SPIEGEL: Viele Zuschauer mögen doch gerade die billigen Gefühle, den Kitsch. Das ist doch eine legitime Flucht ins Seichte, oder?
Kremer: Masse ist kein Maßstab für Kunst. Wir werden sehr oft dazu verführt, billig zu handeln, zu fühlen und zu denken. Das ist halt sehr bequem. Das gibt es im gesellschaftlichen Leben und nennt sich dann vielleicht Small Talk, und das gibt es in der Musik auch - unehrliche Aufführungen.
SPIEGEL: Und die richten tatsächlich Schaden an?
Kremer: Man merkt das erst, wenn ein richtiger Künstler kommt, dass man sich mit weniger zufrieden gegeben hat, als möglich gewesen wäre, sei es aus Bequemlichkeit oder aus Verführung.
SPIEGEL: Wie offenbart sich der wahre Künstler dem Laien?
Kremer: Ich nenne mal zwei, den belgischen Chansonnier Jacques Brel und die Sopranistin Maria Callas. Bei beiden hat man gespürt, dass sie sich auf der Bühne verbrannten, dass sie voller Hingabe waren. Und diese Einstellung versuche ich auch in meine jungen Musiker von der Kremerata Baltica zu verpflanzen, mit denen ich im Mai wieder auf Deutschland-Tour gehe.
SPIEGEL: Wieso haben Sie dieses Kammerorchester gegründet?
Kremer: Weil ganz junge Musiker wacher, anspruchsvoller und unverdorbener sind als ältere. Vor drei Jahren habe ich sie ausgewählt in den drei baltischen Staaten Estland, Lettland und Litauen, da waren die meisten noch auf dem Konservatorium. Ich bin der Initiator und in jedem Konzert der Solist und manchmal auch der Konzertmeister. Ich kenne kein anderes Orchester, das so spontan und musizierfreudig ist wie die Kremerata Baltica.
SPIEGEL: Und was bringen Sie dem Nachwuchs bei?
Kremer: Sie wissen, wenn sie mit mir spielen, müssen sie auf Überraschungen gefasst sein, und wenn sie mir dann mit Überraschungen antworten, dann freut es mich umso mehr.
SPIEGEL: Und Sie geben die Richtung vor?
Kremer: Nein. Ich versuche, Persönlichkeiten zu fördern. Alles, was keine Merkmale einer Persönlichkeit hat, empfinde ich als falsch. Ich habe Angst vor allem, was vorgeschrieben ist.

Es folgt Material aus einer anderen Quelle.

(* For every nonempty finite $W\subseteq\mathbb{N}$ with $l(W)=l$, $$\left(\frac{2l}{2l-1}\right)^{h(W)-1}\le |W|.$$
   Context: $\mathbb{N}=\{0,1,2,\ldots\}$. For a set $W$ of integers, $l(W)$ is the maximum number of consecutive integers contained in $W$. For a finite $L\subseteq\mathbb{N}$ and an integer $r$, write $L+r:=\{x+r: x\in L,\ x+r\ge 0\}$. Define $h$ on finite subsets of $\mathbb{N}$ recursively on $|L|$: $h(\emptyset)=0$, and for $L\neq\emptyset$, $$h(L)=1+\max\Big\{h(L\cap(L+1)),\ \max_{M\in T(L)}\min\{h(L\cap M),\,h(L\cap(M-1))\}\Big\},$$ where $T(L)$ is the set of all finite $M\subseteq\mathbb{N}$ with $M\notin\{L,L+1\}$ and $0<|M|\le|L|$. *)

(* Finite subsets of N are represented by (seq nat), read as
   the set of their elements (duplicates and order irrelevant). *)
From HB Require Import structures.
From mathcomp Require Import all_boot all_order all_algebra.
Set Implicit Arguments. Unset Strict Implicit. Unset Printing Implicit Defensive.

Definition card_s (L : seq nat) : nat := size (undup L).

Definition inter_s (L M : seq nat) : seq nat := [seq x <- L | x \in M].

Definition shift_up (L : seq nat) : seq nat := [seq x.+1 | x <- L].

Definition shift_down (M : seq nat) : seq nat := [seq x.-1 | x <- M & 0 < x].

Definition run_s (W : seq nat) (a k : nat) : bool :=
  all (fun i => a + i \in W) (iota 0 k).

(* l(W): maximal number of consecutive integers contained in W
   (a run of length k starts at some a ∈ W and has k <= |W| <= size W). *)
Definition lrun (W : seq nat) : nat :=
  \max_(a <- W) \max_(k < (size W).+1 | run_s W a k) k.

Definition inT (L M : seq nat) : Prop :=
  ~ (M =i L) /\ ~ (M =i shift_up L) /\ 0 < card_s M /\ card_s M <= card_s L.

(* h_is h : h is the function h of the paper, i.e. it is a function of the
   underlying set and satisfies the defining recursion
     h(∅) = 0,
     h(L) = 1 + max{ h(L ∩ (L+1)), max_{M ∈ T(L)} min{h(L∩M), h(L∩(M-1))} }.
   The (possibly infinite-indexed) max is written out as: upper bound of all
   candidates, attained by one candidate. *)
Definition h_is (h : seq nat -> nat) : Prop :=
  (forall L L' : seq nat, L =i L' -> h L = h L') /\
  h [::] = 0 /\
  (forall L : seq nat, L != [::] ->
     let a := h (inter_s L (shift_up L)) in
     let f := fun M => minn (h (inter_s L M)) (h (inter_s L (shift_down M))) in
     [/\ a.+1 <= h L,
         (forall M, inT L M -> (f M).+1 <= h L) &
         (h L = a.+1 \/ exists2 M, inT L M & h L = (f M).+1)]).

From HB Require Import structures.
From mathcomp Require Import all_boot all_order all_algebra.
From mathcomp Require Import zify.
Import Order.TTheory GRing.Theory Num.Theory.

Set Implicit Arguments.
Unset Strict Implicit.
Unset Printing Implicit Defensive.

(* Let L be a nonempty finite set whose runs of consecutive integers all have
   length at most l, write n = |L|, and call s ∈ L a start if s - 1 ∉ L.
   Every element of L lies less than l above some start, so the number r of
   starts satisfies n <= l r, while |L ∩ (L+1)| = n - r.  Hence each candidate
   set in the recursion defining h(L) is small:
   - |L ∩ (L+1)| = n - r <= n (2l-1)/(2l);
   - for M ∈ T(L), the sets L ∩ M and (L ∩ (M-1)) + 1 both lie in M and
     intersect inside L ∩ (L+1), so |L∩M| + |L∩(M-1)| <= |M| + (n - r), and
     the smaller of the two has at most (2n - r)/2 <= n (2l-1)/(2l) elements.
   So there is S ⊆ L with h(L) <= h(S) + 1 and |S| <= |L| (2l-1)/(2l)
   (lemma [h_step]); since S again has runs of length at most l, induction on
   |L| gives (2l/(2l-1))^(h(L)-1) <= |L| (lemma [h_bound]), and the theorem is
   the case l = l(W). *)

Lemma run_sP W a k : reflect (forall i, i < k -> a + i \in W) (run_s W a k).
Proof.
apply: (iffP allP) => [H i ik | H i]; first by apply: H; rewrite mem_iota.
by rewrite mem_iota add0n => /H.
Qed.

Lemma mem_shift_up L x : (x \in shift_up L) = (0 < x) && (x.-1 \in L).
Proof.
apply/mapP/andP => [[y yL ->] // | ].
by case: x => [[] | x [_ xL]] //; exists x.
Qed.

Lemma mem_shift_down M x : (x \in shift_down M) = (x.+1 \in M).
Proof.
apply/mapP/idP => [[y] | xM]; last by exists x.+1; rewrite // mem_filter xM.
by rewrite mem_filter => /andP[y_gt0 yM] ->; rewrite prednK.
Qed.

Lemma inter_subl L M : {subset inter_s L M <= L}.
Proof. by move=> x; rewrite mem_filter => /andP[]. Qed.

Lemma card_inter L M : card_s (inter_s L M) = count (mem M) (undup L).
Proof. by rewrite /card_s /inter_s -filter_undup size_filter. Qed.

Lemma card_gt0 L : L != [::] -> 0 < card_s L.
Proof.
case: L => // x L _; rewrite /card_s lt0n size_eq0.
by apply: contraTneq (mem_head x L) => uL; rewrite -mem_undup uL.
Qed.

Definition runs_le (L : seq nat) (l : nat) : Prop :=
  forall a k, run_s L a k -> k <= l.

Lemma runs_le_sub L S l : {subset S <= L} -> runs_le L l -> runs_le S l.
Proof.
by move=> SL Ll a k /run_sP Sak; apply: Ll; apply/run_sP => i /Sak; apply: SL.
Qed.

(* l(W) bounds every run of W: a run of length k is a set of k distinct
   elements of W, so k <= |W| lies within the range of the inner maximum. *)
Lemma runs_le_lrun W : runs_le W (lrun W).
Proof.
move=> a [// | k] /run_sP Wak.
have aW : a \in W by rewrite -(addn0 a); apply: Wak.
have k_lt : k.+1 < (size W).+1.
  rewrite ltnS (leq_trans _ (size_undup W)) //.
  rewrite -[k.+1](size_iota a) uniq_leq_size ?iota_uniq // => y.
  by rewrite mem_iota mem_undup => /andP[ay ya]; rewrite -(subnKC ay) Wak; lia.
apply: (bigmaxn_sup_seq _ aW) => //.
by apply: (leq_trans _ (leq_bigmax_cond (Ordinal k_lt) _)) => //; apply/run_sP.
Qed.

Lemma lrun_gt0 W : W != [::] -> 0 < lrun W.
Proof.
case: W => // x W _; apply: (@runs_le_lrun _ x).
by apply/run_sP => -[_ | //]; rewrite addn0 mem_head.
Qed.

Definition starts (L : seq nat) : seq nat :=
  [seq s <- undup L | s \notin shift_up L].

Lemma card_starts L :
  card_s (inter_s L (shift_up L)) + size (starts L) = card_s L.
Proof. by rewrite card_inter size_filter count_predC. Qed.

(* Each x ∈ L is reached from a start s by a run s, ..., x lying in L; if runs
   have length <= l, then x < s + l. *)
Lemma start_below L l x : runs_le L l -> x \in L ->
  exists2 s, s \in starts L & s <= x < s + l.
Proof.
move=> Ll xL; suff [s s_start /andP[sx run_sx]] : exists2 s, s \in starts L &
    (s <= x) && run_s L s (x - s).+1.
  by exists s; rewrite // sx /=; have := Ll _ _ run_sx; lia.
have start_y y : y \in L -> y \notin shift_up L -> y \in starts L.
  by move=> yL ynL; rewrite mem_filter mem_undup yL ynL.
elim: x xL => [|x IHx] xL.
  exists 0; first by rewrite start_y // mem_shift_up.
  by apply/run_sP => -[_ | //]; rewrite addn0.
have [xL1 | ] := boolP (x.+1 \in shift_up L); last first.
  move=> xnL; exists x.+1; first exact: start_y.
  by rewrite leqnn subnn; apply/run_sP => -[_ | //]; rewrite addn0.
rewrite mem_shift_up in xL1; have [s s_start /andP[sx /run_sP run_sx]] := IHx xL1.
exists s => //; apply/andP; split; first lia.
apply/run_sP => i i_lt; have [/run_sx // | i_ge] := ltnP i (x - s).+1.
by have -> : s + i = x.+1 by lia.
Qed.

(* Hence n <= l r: L is covered by the r blocks s, ..., s + l - 1. *)
Lemma card_le_starts L l : runs_le L l -> card_s L <= size (starts L) * l.
Proof.
move=> Ll; rewrite -[l in _ * l](size_iota 0) -(size_allpairs addn).
apply: uniq_leq_size; first exact: undup_uniq.
move=> x; rewrite mem_undup => /(start_below Ll)[s s_start /andP[sx xs]].
by apply/allpairsP; exists (s, x - s); rewrite /= mem_iota s_start; split; lia.
Qed.

Lemma size_cat_uniq (T : eqType) (s1 s2 : seq T) : uniq s1 -> uniq s2 ->
  size s1 + size s2 = size (undup (s1 ++ s2)) + count (mem s2) s1.
Proof.
move=> u1 u2; rewrite undup_cat (undup_id u1) (undup_id u2) size_cat size_filter.
by rewrite -(count_predC (mem s2) s1) [RHS]addnC addnA.
Qed.

(* The two halves L ∩ M and L ∩ (M-1) of the second alternative: after shifting
   the latter up by one, both lie in M and they overlap inside L ∩ (L+1). *)
Lemma card_inter_pair L M :
  card_s (inter_s L M) + card_s (inter_s L (shift_down M)) <=
  card_s M + card_s (inter_s L (shift_up L)).
Proof.
set A := [seq x <- undup L | x \in M].
set B := [seq x.+1 | x <- [seq x <- undup L | x \in shift_down M]].
have uA : uniq A by rewrite filter_uniq ?undup_uniq.
have uB : uniq B by rewrite map_inj_uniq ?filter_uniq ?undup_uniq //; apply: succn_inj.
have -> : card_s (inter_s L M) = size A by rewrite card_inter size_filter.
have -> : card_s (inter_s L (shift_down M)) = size B.
  by rewrite card_inter size_map size_filter.
rewrite size_cat_uniq //; apply: leq_add.
  apply: uniq_leq_size; first exact: undup_uniq.
  move=> x; rewrite mem_undup mem_cat mem_undup => /orP[].
    by rewrite mem_filter => /andP[].
  by case/mapP => y; rewrite mem_filter mem_shift_down => /andP[yM _] ->.
rewrite card_inter -!size_filter; apply: uniq_leq_size; first exact: filter_uniq.
move=> x; rewrite !mem_filter => /and3P[/mapP[y yL ->] _ ->].
rewrite andbT inE mem_shift_up /=.
by move: yL; rewrite mem_filter mem_undup => /andP[].
Qed.

(* [shrinks l S L]: |S| <= |L| (2l-1)/(2l), stated without division. *)
Definition shrinks (l : nat) (S L : seq nat) : Prop :=
  card_s S * (2 * l) <= card_s L * (2 * l - 1).

Lemma shrinks_shift L l : 0 < l -> runs_le L l ->
  shrinks l (inter_s L (shift_up L)) L.
Proof.
move=> l_gt0 Ll; have := card_starts L; have := card_le_starts Ll.
rewrite /shrinks; nia.
Qed.

Lemma shrinks_min L M l : 0 < l -> runs_le L l -> card_s M <= card_s L ->
  minn (card_s (inter_s L M)) (card_s (inter_s L (shift_down M))) * (2 * l)
  <= card_s L * (2 * l - 1).
Proof.
move=> l_gt0 Ll ML; have := card_inter_pair L M.
have := card_starts L; have := card_le_starts Ll; nia.
Qed.

Lemma h_step h L l : h_is h -> L != [::] -> 0 < l -> runs_le L l ->
  exists2 S, {subset S <= L} & h L <= (h S).+1 /\ shrinks l S L.
Proof.
move=> [_ [_ h_rec]] L0 l_gt0 Ll.
have [_ _ [-> | [M [_ [_ [_ ML]]] ->]]] := h_rec L L0.
  exists (inter_s L (shift_up L)); first exact: inter_subl.
  by split; last exact: shrinks_shift.
move: (shrinks_min l_gt0 Ll ML).
have [_ | _] := leqP (card_s (inter_s L M)) (card_s (inter_s L (shift_down M))).
  by move=> shrinkM; exists (inter_s L M); [apply: inter_subl | rewrite ltnS geq_minl].
by move=> shrinkM; exists (inter_s L (shift_down M)); [apply: inter_subl | rewrite ltnS geq_minr].
Qed.

(* A nonempty set has positive h, as h(L) >= 1 + h(L ∩ (L+1)). *)
Lemma h_gt0 h L : h_is h -> L != [::] -> 0 < h L.
Proof. by move=> [_ [_ h_rec]] /h_rec[] /(leq_trans _) ->. Qed.

Local Open Scope ring_scope.

Definition ratio (l : nat) : rat := (2 * l)%:R / (2 * l - 1)%:R.

Lemma ratio_ge1 l : (0 < l)%N -> 1 <= ratio l.
Proof. by move=> l_gt0; rewrite ler_pdivlMr ?mul1r ?ler_nat ?ltr0n; lia. Qed.

Lemma ratio_shrinks l S L : (0 < l)%N -> shrinks l S L ->
  ratio l * (card_s S)%:R <= (card_s L)%:R.
Proof.
move=> l_gt0 SL; rewrite mulrAC ler_pdivrMr ?ltr0n; last lia.
by rewrite -!natrM ler_nat mulnC.
Qed.

Lemma h_bound h L l : h_is h -> L != [::] -> (0 < l)%N -> runs_le L l ->
  ratio l ^+ (h L - 1) <= (card_s L)%:R.
Proof.
move=> hh; have [n] := ubnP (card_s L); elim: n L => // n IHn L cardL L0 l_gt0 Ll.
have [S SL [hLS shrinkS]] := h_step hh L0 l_gt0 Ll.
have [S0 | S0] := eqVneq S [::].
  have [_ [h0 _]] := hh; move: hLS; rewrite S0 h0 => hL1.
  by rewrite (_ : h L - 1 = 0)%N ?expr0 ?ler1n ?card_gt0 //; lia.
have cardS : (card_s S < n)%N.
  by have := card_gt0 L0; move: shrinkS; rewrite /shrinks; nia.
have IHS := IHn S cardS S0 l_gt0 (runs_le_sub SL Ll).
have ratio_gt0 : 0 < ratio l by apply: lt_le_trans (ratio_ge1 l_gt0).
apply: le_trans (ratio_shrinks l_gt0 shrinkS).
apply: (le_trans (y := ratio l * ratio l ^+ (h S - 1))); last by rewrite ler_pM2l.
have hS_gt0 := h_gt0 hh S0.
by rewrite -exprS; apply: ler_weXn2l; [exact: ratio_ge1 | lia].
Qed.

Theorem mainTheorem6 (h : seq nat -> nat) (Hh : h_is h) (W : seq nat) :
  W != [::] ->
  (((2 * lrun W)%:R / (2 * lrun W - 1)%:R) ^+ (h W - 1) <= (card_s W)%:R :> rat)%R.
Proof.
move=> W0; exact: h_bound Hh W0 (lrun_gt0 W0) (@runs_le_lrun W).
Qed.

Ich habe, wie Albert Einstein, Angst vor Schulen, das hängt sicher damit zusammen, dass ich so lange in der UdSSR unter einem totalitären Regime gelebt habe. Alles, was ich erreicht habe, kommt nicht dank einer Schule, sondern trotz einer Schule. Und deshalb bin ich wohl so persönlichkeitssüchtig.
SPIEGEL: Sie haben in Moskau bei der Geigenlegende David Oistrach studiert. War er ein Schul-Meister?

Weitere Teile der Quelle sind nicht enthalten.